Given records START

Lemma continuous_powm1_div_ln_1 (s : R) : continuous (powm1_div_ln s) 1.
Proof.
  apply continuous_of_eps_delta. intros eps Heps.
  assert (Hd : derivable_pt_lim (fun u => exp (s * u)) 0 s).
  { apply is_derive_Reals. auto_derive; [exact I|]. rewrite Rmult_0_r, exp_0. ring. }
  destruct (Hd eps Heps) as [d1 Hd1].
  destruct (proj2 (continuity_pt_filterlim ln 1) (continuous_ln 1 Rlt_0_1) d1 (cond_pos d1))
    as [d2 [Hd2 Hl2]].
  exists (Rmin d2 (1 / 2)). split; [apply Rmin_pos; lra|].
  intros v Hv.
  assert (Hv2 := Rlt_le_trans _ _ _ Hv (Rmin_l _ _)).
  assert (Hv3 := Rlt_le_trans _ _ _ Hv (Rmin_r _ _)). apply Rabs_def2 in Hv3.
  unfold powm1_div_ln. destruct (Rle_dec 1 0); [lra|]. destruct (Req_EM_T 1 1); [|lra].
  destruct (Rle_dec v 0); [lra|]. destruct (Req_EM_T v 1) as [Hv1|Hv1].
  { rewrite Rminus_eq_0, Rabs_R0. exact Heps. }
  assert (Hlv : ln v <> 0) by (apply ln_neq_0; lra).
  assert (Hlv2 : Rabs (ln v) < d1).
  { assert (H := Hl2 v (conj (conj I (not_eq_sym Hv1)) Hv2)).
    simpl in H. unfold R_dist in H. rewrite ln_1, Rminus_0_r in H. exact H. }
  specialize (Hd1 (ln v) Hlv Hlv2).
  rewrite Rplus_0_l, Rmult_0_r, exp_0 in Hd1. exact Hd1.
Qed.

Lemma continuous_powm1_div_ln (s x : R) : 0 < s -> 0 <= x ->
  continuous (powm1_div_ln s) x.
Proof.
  intros Hs Hx.
  destruct (Req_dec x 0) as [->|Hx0]; [apply continuous_powm1_div_ln_0, Hs|].
  destruct (Req_dec x 1) as [->|Hx1]; [apply continuous_powm1_div_ln_1|].
  assert (Hl : ln x <> 0) by (apply ln_neq_0; lra).
  apply continuous_ext_loc with (g := fun v => (exp (s * ln v) - 1) / ln v).
  - apply locally_of_Rabs with (d := Rmin x (Rabs (x - 1))).
    { apply Rmin_pos; [lra|apply Rabs_pos_lt; lra]. }
    intros v Hv.
    assert (Hva := Rlt_le_trans _ _ _ Hv (Rmin_l _ _)).
    assert (Hvb := Rlt_le_trans _ _ _ Hv (Rmin_r _ _)).
    apply Rabs_def2 in Hva.
    unfold powm1_div_ln. destruct (Rle_dec v 0); [lra|].
    destruct (Req_EM_T v 1) as [->|]; [|reflexivity].
    rewrite Rabs_minus_sym in Hvb. lra.
  - apply continuous_of_derive. auto_derive. repeat split; auto; lra.
Qed.

Lemma powm1_div_ln_0 (x : R) : powm1_div_ln 0 x = 0.
Proof.
  unfold powm1_div_ln. destruct (Rle_dec x 0); [reflexivity|].
  destruct (Req_EM_T x 1); [reflexivity|].
  rewrite Rmult_0_l, exp_0, Rminus_eq_0. apply Rdiv_0_l.
Qed.

Lemma is_RInt_xpow (u : R) : 0 < u -> is_RInt (xpow u) 0 1 (/ (u + 1)).
Proof.
  intros Hu.
  assert (Hcont : forall t, continuous (xpow u) t)
    by (intros t; apply continuous_of_continuity_2d_pt, continuity_2d_pt_xpow, Hu).
  set (F := fun t => t * (xpow u t / (u + 1))).
  replace (/ (u + 1)) with (F 1 - F 0).
  2:{ unfold F, xpow. destruct (Rle_dec 1 0); [lra|].
      rewrite ln_1, Rmult_0_r, exp_0. field. lra. }
  apply is_RInt_derive_01; [|intros t _; apply Hcont].
  intros t [Ht0 _]. destruct (Rle_lt_or_eq_dec 0 t Ht0) as [Ht|<-].
  - apply is_derive_ext_loc with (f := fun t => t * (exp (u * ln t) / (u + 1))).
    + apply locally_of_Rabs with (d := t); [exact Ht|]. intros v Hv. apply Rabs_def2 in Hv.
      unfold F, xpow. destruct (Rle_dec v 0); [lra|reflexivity].
    + unfold xpow. destruct (Rle_dec t 0); [lra|]. auto_derive; [lra|]. field. lra.
  - replace (xpow u 0) with (xpow u 0 / (u + 1)) by (rewrite xpow_le_0 by lra; field; lra).
    apply is_derive_id_mul_0.
    apply (continuous_mult (K := R_AbsRing) (xpow u) (fun _ => / (u + 1))).
    + apply Hcont.
    + apply continuous_const.
Qed.

Lemma ex_RInt_powm1_div_ln (s : R) : 0 <= s -> ex_RInt (powm1_div_ln s) 0 1.
Proof.
  intros Hs. destruct (Rle_lt_or_eq_dec 0 s Hs) as [Hs0|<-].
  - apply ex_RInt_01_of_continuous. intros x Hx. apply continuous_powm1_div_ln; lra.
  - apply ex_RInt_ext with (f := fun _ => 0); [intros; symmetry; apply powm1_div_ln_0|].
    apply ex_RInt_const.
Qed.

Lemma is_derive_RInt_powm1_div_ln (u : R) : 0 < u ->
  is_derive (fun s => RInt (powm1_div_ln s) 0 1) u (/ (u + 1)).
Proof.
  intros Hu.
  assert (HD : forall s t, Derive (fun v => powm1_div_ln v t) s = xpow s t).
  { intros s t. apply is_derive_unique, is_derive_powm1_div_ln. }
  replace (/ (u + 1)) with (RInt (fun t => Derive (fun v => powm1_div_ln v t) u) 0 1).
  - apply (is_derive_RInt_param powm1_div_ln).
    + apply filter_forall. intros s t _. exists (xpow s t). apply is_derive_powm1_div_ln.
    + intros t _. apply continuity_2d_pt_ext with (f := xpow).
      * intros s v. symmetry. apply HD.
      * apply continuity_2d_pt_xpow, Hu.
    + apply locally_of_Rabs with (d := u); [exact Hu|]. intros v Hv. apply Rabs_def2 in Hv.
      apply ex_RInt_powm1_div_ln. lra.
  - rewrite (RInt_ext _ (xpow u)) by (intros; apply HD).
    apply is_RInt_unique, is_RInt_xpow, Hu.
Qed.

Lemma Rabs_RInt_powm1_div_ln_le (s : R) : 0 < s -> Rabs (RInt (powm1_div_ln s) 0 1) <= s.
Proof.
  intros Hs. replace s with ((1 - 0) * s) at 2 by ring.
  apply (norm_RInt_le_const (V := R_NormedModule) (powm1_div_ln s) 0 1); [lra| |].
  - intros x Hx. apply Rabs_powm1_div_ln_le; lra.
  - apply (RInt_correct (V := R_CompleteNormedModule)), ex_RInt_powm1_div_ln. lra.
Qed.

(* Differentiating in [s] under the integral sign gives [1 / (s + 1)]; the constant of
   integration vanishes because the integral is [O(s)] as [s -> 0]. *)
Lemma RInt_powm1_div_ln (u : R) : 0 <= u -> RInt (powm1_div_ln u) 0 1 = ln (u + 1).
Proof.
  intros Hu. destruct (Rle_lt_or_eq_dec 0 u Hu) as [Hu0|<-].
  2:{ rewrite Rplus_0_l, ln_1, (RInt_ext _ (fun _ => 0)) by (intros; apply powm1_div_ln_0).
      rewrite RInt_const. apply Rmult_0_r. }
  set (g := fun s => RInt (powm1_div_ln s) 0 1 - ln (s + 1)).
  assert (Hg' : forall s, 0 < s -> is_derive g s 0).
  { intros s Hs.
    assert (Hln : is_derive (fun v => ln (v + 1)) s (/ (s + 1))) by (auto_derive; [lra|field; lra]).
    assert (H := is_derive_minus _ _ _ _ _ (is_derive_RInt_powm1_div_ln s Hs) Hln).
    unfold minus, plus, opp in H; simpl in H. rewrite Rplus_opp_r in H. exact H. }
  assert (Hsmall : forall e, 0 < e -> Rabs (g e) <= 2 * e).
  { intros e He. unfold g.
    assert (H1 := Rabs_RInt_powm1_div_ln_le e He).
    assert (H2 : 0 <= ln (e + 1) <= e).
    { split; [rewrite <- ln_1; apply ln_le; lra|].
      rewrite <- (ln_exp e) at 2. apply ln_le; [lra|]. assert (H := exp_ineq1_le e). lra. }
    eapply Rle_trans; [apply Rabs_triang|]. rewrite Rabs_Ropp, (Rabs_right (ln (e + 1))); lra. }
  assert (Hconst : forall e, 0 < e < u -> g u = g e).
  { intros e He. destruct (MVT_gen g e u (fun _ => 0)) as [c [_ Hc]].
    - rewrite Rmin_left, Rmax_right by lra. intros x Hx. apply Hg'. lra.
    - rewrite Rmin_left, Rmax_right by lra. intros x Hx.
      apply continuity_pt_filterlim, continuous_of_derive. exists 0. apply Hg'. lra.
    - lra. }
  assert (Hzero : Rabs (g u) <= 0).
  { apply Rle_plus_epsilon. intros eps Heps.
    set (e := Rmin (u / 2) (eps / 2)).
    assert (He : 0 < e < u) by (split; [apply Rmin_pos|eapply Rle_lt_trans; [apply Rmin_l|]]; lra).
    rewrite (Hconst e He). assert (Rmin (u / 2) (eps / 2) <= eps / 2) by apply Rmin_r.
    specialize (Hsmall e (proj1 He)). unfold e in *. lra. }
  apply Rminus_diag_uniq, Rabs_eq_0, Rle_antisym; [exact Hzero|apply Rabs_pos].
Qed.

Lemma sum_f_R0_mul_sub1_div (a b : nat -> R) (L : R) (n : nat) : L <> 0 ->
  sum_f_R0 (fun k => a k * ((b k - 1) / L)) n =
  (sum_f_R0 (fun k => a k * b k) n - sum_f_R0 a n) / L.
Proof.
  intros HL. induction n as [|n IH]; simpl; [field; exact HL|].
  rewrite IH. field. exact HL.
Qed.

Lemma sum_alternating_binomial (n : nat) (x : R) :
  sum_f_R0 (fun k => (-1) ^ (k + 1) * Binomial.C n k * x ^ k) n = - (1 - x) ^ n.
Proof.
  replace (1 - x) with (- x + 1) by ring.
  replace (- (- x + 1) ^ n) with (-1 * (- x + 1) ^ n) by ring.
  rewrite binomial, scal_sum. apply sum_eq. intros k _.
  replace (- x) with (-1 * x) by ring. rewrite pow1, pow_add, Rpow_mult_distr. ring.
Qed.

Lemma pow_one_sub_mul_powm1_div_ln (m : nat) (x : R) : 0 < x < 1 ->
  (1 - x) ^ m * powm1_div_ln 1 x =
  sum_f_R0 (fun k => (-1) ^ (k + 1) * Binomial.C (S m) k * powm1_div_ln (INR k) x) (S m).
Proof.
  intros Hx.
  assert (Hl : ln x <> 0) by (apply ln_neq_0; lra).
  assert (Hpow : forall s, powm1_div_ln s x = (Rpower x s - 1) / ln x).
  { intros s. unfold powm1_div_ln, Rpower.
    destruct (Rle_dec x 0); [lra|]. destruct (Req_EM_T x 1); [lra|reflexivity]. }
  rewrite (sum_eq _ (fun k => (-1) ^ (k + 1) * Binomial.C (S m) k * ((x ^ k - 1) / ln x))).
  2:{ intros k _. rewrite Hpow, Rpower_pow by lra. reflexivity. }
  rewrite sum_f_R0_mul_sub1_div by exact Hl.
  rewrite sum_alternating_binomial.
  rewrite (sum_eq _ (fun k => (-1) ^ (k + 1) * Binomial.C (S m) k * 1 ^ k))
    by (intros k _; rewrite pow1; ring).
  rewrite sum_alternating_binomial, Hpow, Rpower_1 by lra.
  simpl. field. exact Hl.
Qed.

Lemma is_RInt_pow_one_sub_mul_powm1_div_ln (m : nat) :
  is_RInt (fun x => (1 - x) ^ m * powm1_div_ln 1 x) 0 1 (inner_sum1 (S m)).
Proof.
  set (f := fun k x => (-1) ^ (k + 1) * Binomial.C (S m) k * powm1_div_ln (INR k) x).
  apply is_RInt_ext_01 with (f := fun x => sum_n (fun k => f k x) (S m)).
  { intros x Hx. rewrite sum_n_Reals. symmetry. apply pow_one_sub_mul_powm1_div_ln, Hx. }
  unfold inner_sum1. rewrite <- sum_n_Reals.
  apply (is_RInt_sum_n (V := R_NormedModule) f). intros k. unfold f.
  apply (is_RInt_scal (V := R_NormedModule) (powm1_div_ln (INR k))).
  rewrite <- RInt_powm1_div_ln by apply pos_INR.
  apply (RInt_correct (V := R_CompleteNormedModule)), ex_RInt_powm1_div_ln, pos_INR.
Qed.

Given records END

* Brief *
What are the lines, exactly as written above, from the line with "rewrite Rplus_0_l, Rmult_0_r, exp_0" to the line with "assert (Hva := Rlt_le_trans", both included? Output only those.

* Answer to this problem *
  rewrite Rplus_0_l, Rmult_0_r, exp_0 in Hd1. exact Hd1.
Qed.

Lemma continuous_powm1_div_ln (s x : R) : 0 < s -> 0 <= x ->
  continuous (powm1_div_ln s) x.
Proof.
  intros Hs Hx.
  destruct (Req_dec x 0) as [->|Hx0]; [apply continuous_powm1_div_ln_0, Hs|].
  destruct (Req_dec x 1) as [->|Hx1]; [apply continuous_powm1_div_ln_1|].
  assert (Hl : ln x <> 0) by (apply ln_neq_0; lra).
  apply continuous_ext_loc with (g := fun v => (exp (s * ln v) - 1) / ln v).
  - apply locally_of_Rabs with (d := Rmin x (Rabs (x - 1))).
    { apply Rmin_pos; [lra|apply Rabs_pos_lt; lra]. }
    intros v Hv.
    assert (Hva := Rlt_le_trans _ _ _ Hv (Rmin_l _ _)).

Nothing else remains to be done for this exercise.